For this analysis, we used a pretrained DistilBERT model loaded from the Hugging Face Model Hub. We fine-tuned this DistilBERT model on the "Emotions Dataset for NLP" dataset by Govi (2019), which contains labeled data collected from Twitter, labeled by one of six emotions: "anger", "joy", "surprise", "fear", "love", and "sadness". We then used this fined-tuned model to predict an emotion label for the lyrics of each song in the "Music Dataset: Lyrics and Metadata from 1950 to 2019" dataset.

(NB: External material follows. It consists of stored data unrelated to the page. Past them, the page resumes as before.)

Definition euclid_open {n} (O : vec n -> Prop) : Prop :=
  forall x, O x -> exists r, 0 < r /\ forall y, enorm (vsub y x) < r -> O y.
Definition is_topology {V : Type} (openV : (V -> Prop) -> Prop) : Prop :=
  openV (fun _ => True) /\ openV (fun _ => False) /\
  (forall A B, openV A -> openV B -> openV (fun x => A x /\ B x)) /\
  (forall (I : Type) (F : I -> V -> Prop), (forall i, openV (F i)) ->
      openV (fun x => exists i, F i x)).
Definition continuous_on {n} {V : Type} (openV : (V -> Prop) -> Prop)
  (D : vec n -> Prop) (t : vec n -> V) : Prop :=
  forall U, openV U -> exists O, euclid_open O /\
    forall u, D u -> (U (t u) <-> O u).

Definition phi_calibrated {Y : finType} {n} {V : Type} (openV : (V -> Prop) -> Prop)
  (S : V -> Y -> R) (phi : Y -> vec n) (D : vec n -> Prop) (h : vec n -> R)
  (grad : vec n -> vec n) (t : vec n -> V) (tinv : V -> vec n) : Prop :=
  convex_set D /\ (forall u, in_hull phi u -> D u) /\
  strictly_convex_on D h /\ gradient_on D h grad /\
  is_topology openV /\ continuous_on openV D t /\
  (forall v, D (tinv v) /\ t (tinv v) = v) /\ (forall u, D u -> tinv (t u) = u) /\
  (* inf_{v'} s(v', q) is a (finite) real number *)
  (forall q, is_prob q -> exists m, is_glb (fun r => exists v, r = s_risk S v q) m) /\
  (forall v q, is_prob q -> delta_s S v q = bregman h grad (mu phi q) (tinv v)).

Definition strongly_convex_on {n} (D : vec n -> Prop) (h : vec n -> R)
  (grad : vec n -> vec n) (N : vec n -> R) (beta : R) : Prop :=
  forall u w, D u -> D w ->
    h u >= h w + inner (vsub u w) (grad w) + / (2 * beta) * (N (vsub u w)) ^ 2.

Definition decode {V : Type} {Z : finType} {n} (zsel : vec n -> Z) (tinv : V -> vec n)
  (v : V) : Z := zsel (tinv v).

(* Fix v, q with delta_ell(d(v), q) >= eps and put u = t^-1(v), mu = mu(q), w = mu - u.
   1. Calibration and strong convexity give  delta_s(v, q) = D_h(mu, u) >= N(w)^2/(2 beta).
   2. The expected loss is affine in the mean:  ell(z, q) = <psi z, mu> + c.  As z(u)
      minimises <psi z, u>, for a minimiser z* of ell(., q) we get
        delta_ell = <psi z(u) - psi z*, mu> <= <psi z(u), w> - <psi z*, w> <= 2 c N(w),
      by the Hoelder inequality <w, y> <= N(w) N_*(y).
   3. Hence eps <= 2 c N(w), so eps^2/(8 c^2 beta) <= N(w)^2/(2 beta) <= delta_s(v, q).
   The one analytic ingredient is that the dual norm is an honest supremum, i.e. that
   the N-unit ball is bounded:  m |x_i| <= N x  for some m > 0.  This finite-dimensional
   norm equivalence is obtained by minimising N over the faces of the unit cube, with a
   coordinate-by-coordinate extreme value argument (box_min) resting on the
   one-dimensional extreme value theorem. *)
Set Warnings "-notation-overridden,-redundant-canonical-projection".
From HB Require Import structures.
From Stdlib Require Import Reals Lra Psatz ClassicalEpsilon FunctionalExtensionality.
From mathcomp Require Import ssreflect ssrfun ssrbool eqtype ssrnat seq choice fintype bigop.
Open Scope R_scope.

(* (R, +, 0) is a commutative monoid over which * distributes, so that the generic
   bigop lemmas (big_split, big_distrr, exchange_big) apply to real sums. *)
Lemma RplusA : associative Rplus. Proof. by move=> *; ring. Qed.
Lemma RplusC : commutative Rplus. Proof. by move=> *; ring. Qed.
Lemma Rplus0 : left_id 0 Rplus. Proof. by move=> *; ring. Qed.
Lemma Rmul0l : left_zero 0 Rmult. Proof. by move=> *; ring. Qed.
Lemma Rmul0r : right_zero 0 Rmult. Proof. by move=> *; ring. Qed.
Lemma RmulDl : left_distributive Rmult Rplus. Proof. by move=> *; ring. Qed.
Lemma RmulDr : right_distributive Rmult Rplus. Proof. by move=> *; ring. Qed.
HB.instance Definition _ := Monoid.isComLaw.Build R 0 Rplus RplusA RplusC Rplus0.
HB.instance Definition _ := Monoid.isMulLaw.Build R 0 Rmult Rmul0l Rmul0r.
HB.instance Definition _ := Monoid.isAddLaw.Build R Rmult Rplus RmulDl RmulDr.

Lemma sumR_le {I} (r : seq I) (f g : I -> R) :
  (forall i, f i <= g i) -> \big[Rplus/0]_(i <- r) f i <= \big[Rplus/0]_(i <- r) g i.
Proof.
move=> fg; elim: r => [|x r IH]; rewrite ?big_nil ?big_cons; first lra.
by have := fg x; lra.
Qed.

Lemma inner_comm {n} (a b : vec n) : inner a b = inner b a.
Proof. by rewrite /inner; apply: eq_bigr => i _; ring. Qed.

Lemma inner_scale_l {n} (a : R) (x y : vec n) : inner (vscale a x) y = a * inner x y.
Proof. by rewrite /inner big_distrr /=; apply: eq_bigr => i _; rewrite /vscale; ring. Qed.

Lemma inner_sub_r {n} (a b c : vec n) : inner a (vsub b c) = inner a b - inner a c.
Proof.
rewrite /inner /vsub (eq_bigr (fun i => a i * b i + -1 * (a i * c i))); last first.
  by move=> i _; ring.
by rewrite big_split /= -big_distrr /=; ring.
Qed.

Lemma inner_zero_l {n} (y : vec n) : inner vzero y = 0.
Proof.
rewrite /inner (eq_bigr (fun i => 0 * y i)) // -big_distrr /=; ring.
Qed.

(* Minima and maxima over a nonempty finite type fold a selection operator, so the
   extremum is a value of the function. *)
Lemma foldr_select_attained {T : eqType} (sel : R -> R -> R) (f : T -> R) x s :
  (forall a b, sel a b = a \/ sel a b = b) ->
  exists z, z \in x :: s /\ foldr (fun y acc => sel (f y) acc) (f x) s = f z.
Proof.
move=> selP; elim: s => [|y s [z [zs IH]]] /=; first by exists x; rewrite mem_head.
rewrite IH; case: (selP (f y) (f z)) => ->; first by exists y; rewrite !inE eqxx orbT.
by exists z; split => //; move: zs; rewrite !inE => /orP [->|->]; rewrite ?orbT.
Qed.

Lemma foldr_max_ge {T : eqType} (f : T -> R) x s z :
  z \in x :: s -> f z <= foldr (fun y acc => Rmax (f y) acc) (f x) s.
Proof.
elim: s z => [|y s IH] z /=; first by rewrite inE => /eqP ->; lra.
have := Rmax_l (f y) (foldr (fun y acc => Rmax (f y) acc) (f x) s).
have := Rmax_r (f y) (foldr (fun y acc => Rmax (f y) acc) (f x) s).
rewrite !inE => ? ? /or3P [/eqP ->|/eqP ->|zs].
- by have := IH x (mem_head _ _); lra.
- lra.
- by have := IH z; rewrite inE zs orbT => /(_ isT); lra.
Qed.

Lemma fmax_ge {T : finType} (f : T -> R) z : f z <= fmax f.
Proof.
rewrite /fmax; have : z \in enum T by rewrite mem_enum.
by case: (enum T) => [|x s] //; apply: foldr_max_ge.
Qed.

Lemma fmin_attained {T : finType} (f : T -> R) : inhabited T -> exists z, fmin f = f z.
Proof.
case=> z0; rewrite /fmin; have : z0 \in enum T by rewrite mem_enum.
case: (enum T) => [|x s] // _.
have selP : forall a b, Rmin a b = a \/ Rmin a b = b.
  by move=> a b; rewrite /Rmin; case: Rle_dec; auto.
by have [z [_ ->]] := foldr_select_attained _ f x s selP; exists z.
Qed.

Lemma fmax_attained {T : finType} (f : T -> R) : inhabited T -> exists z, fmax f = f z.
Proof.
case=> z0; rewrite /fmax; have : z0 \in enum T by rewrite mem_enum.
case: (enum T) => [|x s] // _.
have selP : forall a b, Rmax a b = a \/ Rmax a b = b.
  by move=> a b; rewrite /Rmax; case: Rle_dec; auto.
by have [z [_ ->]] := foldr_select_attained _ f x s selP; exists z.
Qed.

Lemma lipschitz_continuity (G : R -> R) K : 0 <= K ->
  (forall a b, Rabs (G a - G b) <= K * Rabs (a - b)) -> forall x, continuity_pt G x.
Proof.
move=> K_ge0 G_lip x eps eps_gt0; exists (eps / (K + 1)); split.
  by apply: Rdiv_lt_0_compat; lra.
move=> y [_ /= yx]; rewrite /R_dist in yx *.
have -> : eps = eps / (K + 1) * (K + 1) by field; lra.
by have := G_lip y x; have := Rabs_pos (y - x); nra.
Qed.

Definition upd {n} (x : vec n) (i : 'I_n) (b : R) : vec n :=
  fun j => if j == i then b else x j.

Lemma upd_same {n} (x : vec n) i b : upd x i b i = b.
Proof. by rewrite /upd eqxx. Qed.

Lemma upd_other {n} (x : vec n) i j b : j != i -> upd x i b j = x j.
Proof. by rewrite /upd => /negbTE ->. Qed.

Definition InBox {n} (r : R) (s : seq 'I_n) (x0 x : vec n) : Prop :=
  forall j, (j \in s -> Rabs (x j) <= r) /\ (j \notin s -> x j = x0 j).

Definition clamp (r a : R) : R := Rmax (- r) (Rmin r a).

Lemma clamp_lipschitz r a b : 0 <= r -> Rabs (clamp r a - clamp r b) <= Rabs (a - b).
Proof. by rewrite /clamp /Rmax /Rmin; repeat case: Rle_dec; split_Rabs; lra. Qed.

Lemma clamp_id r a : Rabs a <= r -> clamp r a = a.
Proof. by rewrite /clamp /Rmax /Rmin; repeat case: Rle_dec; split_Rabs; lra. Qed.

(* Induction on the free coordinates: with one more free
   coordinate i, the partial minimum value as a function of the value of coordinate i
   is again Lipschitz, so the one-dimensional extreme value theorem applies. *)
Section BoxMinimum.
Variables (n : nat) (F : vec n -> R) (L : 'I_n -> R) (r : R).
Hypothesis L_ge0 : forall i, 0 <= L i.
Hypothesis r_ge0 : 0 <= r.
Hypothesis F_lipschitz :
  forall y i b, Rabs (F (upd y i b) - F y) <= L i * Rabs (b - y i).

Definition box_minimum (s : seq 'I_n) (x0 y : vec n) : Prop :=
  InBox r s x0 y /\ forall z, InBox r s x0 z -> F y <= F z.

Section AddCoordinate.
Variables (i : 'I_n) (s : seq 'I_n) (x0 : vec n).
Hypothesis i_notin_s : i \notin s.
Hypothesis box_min_s : forall x1, exists y, box_minimum s x1 y.

Definition slice (a : R) : vec n := upd x0 i (clamp r a).
Definition slice_min (a : R) : vec n := epsilon (inhabits x0) (box_minimum s (slice a)).
Definition slice_value (a : R) : R := F (slice_min a).

Lemma slice_minP a : box_minimum s (slice a) (slice_min a).
Proof. exact: epsilon_spec (box_min_s (slice a)). Qed.

Lemma slice_min_coord a : slice_min a i = clamp r a.
Proof. by have [y_in _] := slice_minP a; have [_ ->] := y_in i => //; rewrite /slice upd_same. Qed.

(* Moving the minimiser of slice a into slice b costs at most L i |a - b|. *)
Lemma slice_value_le a b : slice_value b <= slice_value a + L i * Rabs (a - b).
Proof.
set y := slice_min a; have [y_in _] : box_minimum s (slice a) y := slice_minP a.
have [_ min_b] := slice_minP b.
have moved_in : InBox r s (slice b) (upd y i (clamp r b)).
  move=> j; have [y_s y_out] := y_in j; split.
    move=> js; have ji : j != i by apply/eqP => ji; move: i_notin_s; rewrite -ji js.
    by rewrite upd_other //; apply: y_s.
  move=> js; case: (eqVneq j i) => [->|ji]; first by rewrite /slice !upd_same.
  by rewrite /slice !upd_other // y_out // /slice upd_other.
have := min_b _ moved_in; have := F_lipschitz y i (clamp r b).
rewrite (slice_min_coord a : y i = _) (Rabs_minus_sym a b).
have := clamp_lipschitz r b a r_ge0; have := L_ge0 i.
have := Rle_abs (F (upd y i (clamp r b)) - F y); rewrite /slice_value -/y; nra.
Qed.

Lemma slice_value_continuous a : continuity_pt slice_value a.
Proof.
apply: (lipschitz_continuity _ _ (L_ge0 i)) => b c.
by have := slice_value_le b c; have := slice_value_le c b;
  rewrite (Rabs_minus_sym c b); split_Rabs; lra.
Qed.

Lemma box_min_cons : exists y, box_minimum (i :: s) x0 y.
Proof.
have [a [a_min a_bd]] : exists a, (forall b, - r <= b <= r -> slice_value a <= slice_value b)
    /\ - r <= a <= r.
  by apply: continuity_ab_min => [|b _]; [lra | apply: slice_value_continuous].
have clamp_a : clamp r a = a by apply: clamp_id; split_Rabs; lra.
have [y_in y_min] := slice_minP a; rewrite /slice clamp_a in y_in y_min.
exists (slice_min a); split.
  move=> j; have [y_s y_out] := y_in j; rewrite inE negb_or; split.
    case/orP => [/eqP ->|]; last exact: y_s.
    by rewrite slice_min_coord clamp_a; split_Rabs; lra.
  by case/andP => ji js; rewrite y_out // upd_other.
move=> z z_in; have zi_bd : Rabs (z i) <= r by apply: (proj1 (z_in i)); rewrite mem_head.
have z_slice : InBox r s (slice (z i)) z.
  move=> j; have [z_s z_out] := z_in j; split.
    by move=> js; apply: z_s; rewrite inE js orbT.
  move=> js; rewrite /slice clamp_id //; case: (eqVneq j i) => [->|ji].
    by rewrite upd_same.
  by rewrite upd_other // z_out // inE negb_or ji.
have [_ z_min] := slice_minP (z i); have := z_min z z_slice.
by have := a_min (z i) ltac:(split_Rabs; lra); rewrite /slice_value; lra.
Qed.
End AddCoordinate.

In this notebook, we take the predictions made by DistilBERT, associate each with its corresponding entry in the original "Music Dataset: Lyrics and Metadata from 1950 to 2019" dataset, and perform a time series analysis on this data. The aim was to see what trends there might have been in the overall emotional content of lyrics released over this time period. 

What we find in this analysis is that songs released in a particular year were increasingly more likely to express "anger" and "fear" and less likely to express "love", as time went on. 

## Future Work

Collecting a dataset with a broader and more complex array of emotion classes would be fundamental in arriving at a deeper analysis of the emotional content of lyrics. Additionally, classifying parts of lyrics and capturing the various emotions that can be expressed in a single song would be greatly useful for getting a richer understanding of the complex emotions a single song can express. Because music doesn't only consist of lyrics, collecting a dataset with emotions labeled on other aspects of a song, such as rythm and melody, and using that for analysis alongside NLP emotion classification on lyrics, will enable a broader understanding of the emotions a particular song communicates.    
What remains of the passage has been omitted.